Soul Dust: The Magic of Consciousness
Why Everyone (Else) Is a Hypocrite: Evolution and The Modular Mind
The Recursive Mind: The Origins of Human Language, Thought, and Civilization
Identity Economics: How Our Identities Shape Our work, Wages, and Well-Being
Blind Spots: Why We Fail to Do What's Right and What to Do About It
Beyond the Brain: How Body and Environment Shape Animal and Human Minds
Braintrust: What Neuroscience Tells Us About Morality
The Brain and the Meaning of Life
The last, by Paul Thagard, had no subtitle but the ad offers this comment on its content from Michael Shermer in Science.

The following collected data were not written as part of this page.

Lemma bregman_rsk_step z i : row i A != 0 ->
  bregman lam xh (rsk_step z i)
    <= bregman lam xh z - residual z i ^+ 2 / (2 * dotv (arow A i) (arow A i)).
Proof.
move=> Ai; have na_gt0 := arow_dotv_gt0 Ai.
set a := arow A i; set na := dotv a a; set r := residual z i.
have := bregmanD_le lam_gt0 xh z (- ((r / na) *: a)).
have -> : dotv (soft lam z - xh) (- ((r / na) *: a)) = - (r ^+ 2 / na).
  rewrite dotvNr dotvZr dotvC dotvBr [dotv a xh]dotv_arow A_xh -/(residual z i) -/r.
  by field; rewrite gt_eqF.
have -> : dotv (- ((r / na) *: a)) (- ((r / na) *: a)) = r ^+ 2 / na.
  by rewrite dotvNr dotvNl opprK dotvZr dotvZl -/na; field; rewrite gt_eqF.
have -> : r ^+ 2 / (2 * na) = r ^+ 2 / na / 2 by field; rewrite gt_eqF.
by lra.
Qed.

(* Since [bregman xh] is [f^*] plus an affine function, the line search of
   ERSK minimises the Bregman distance along the line. *)
Lemma bregman_exact_step_le z i (t t' : R) :
  fconj lam (z - t *: arow A i) + t * b i 0
    <= fconj lam (z - t' *: arow A i) + t' * b i 0 ->
  bregman lam xh (z - t *: arow A i) <= bregman lam xh (z - t' *: arow A i).
Proof.
by rewrite !bregman_fconj // !dotvBl !dotvZl dotvC dotv_arow A_xh; lra.
Qed.

Variable p : 'I_m -> R.
Hypotheses (rows_neq0 : forall i, row i A != 0) (p_gt0 : forall i, 0 < p i)
  (p_sum1 : \sum_i p i = 1).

"[Thagard]offers a tightly reasoned, often humorous, and original contribution to the emerging practice of applying science to areas heretofore the province of philosophers, theologians, ethicists, and politicians. What is reality and how can we know it? Are mind and brain one or two? What is the source of the sense of self? What is love? What is the difference between right and wrong, and how can we know it? What is the most legitimate form of government? What is the meaning of life, and how can we find happiness in it? Thagard employs the latest tools and findings of science in his attempts to answer these and additional questions,"
Before you invest I suggest you try to answer a few of these questions for yourself, as the heading of the ad seems to suggest.
Sounds pretty poppy; books on the brain sell well now.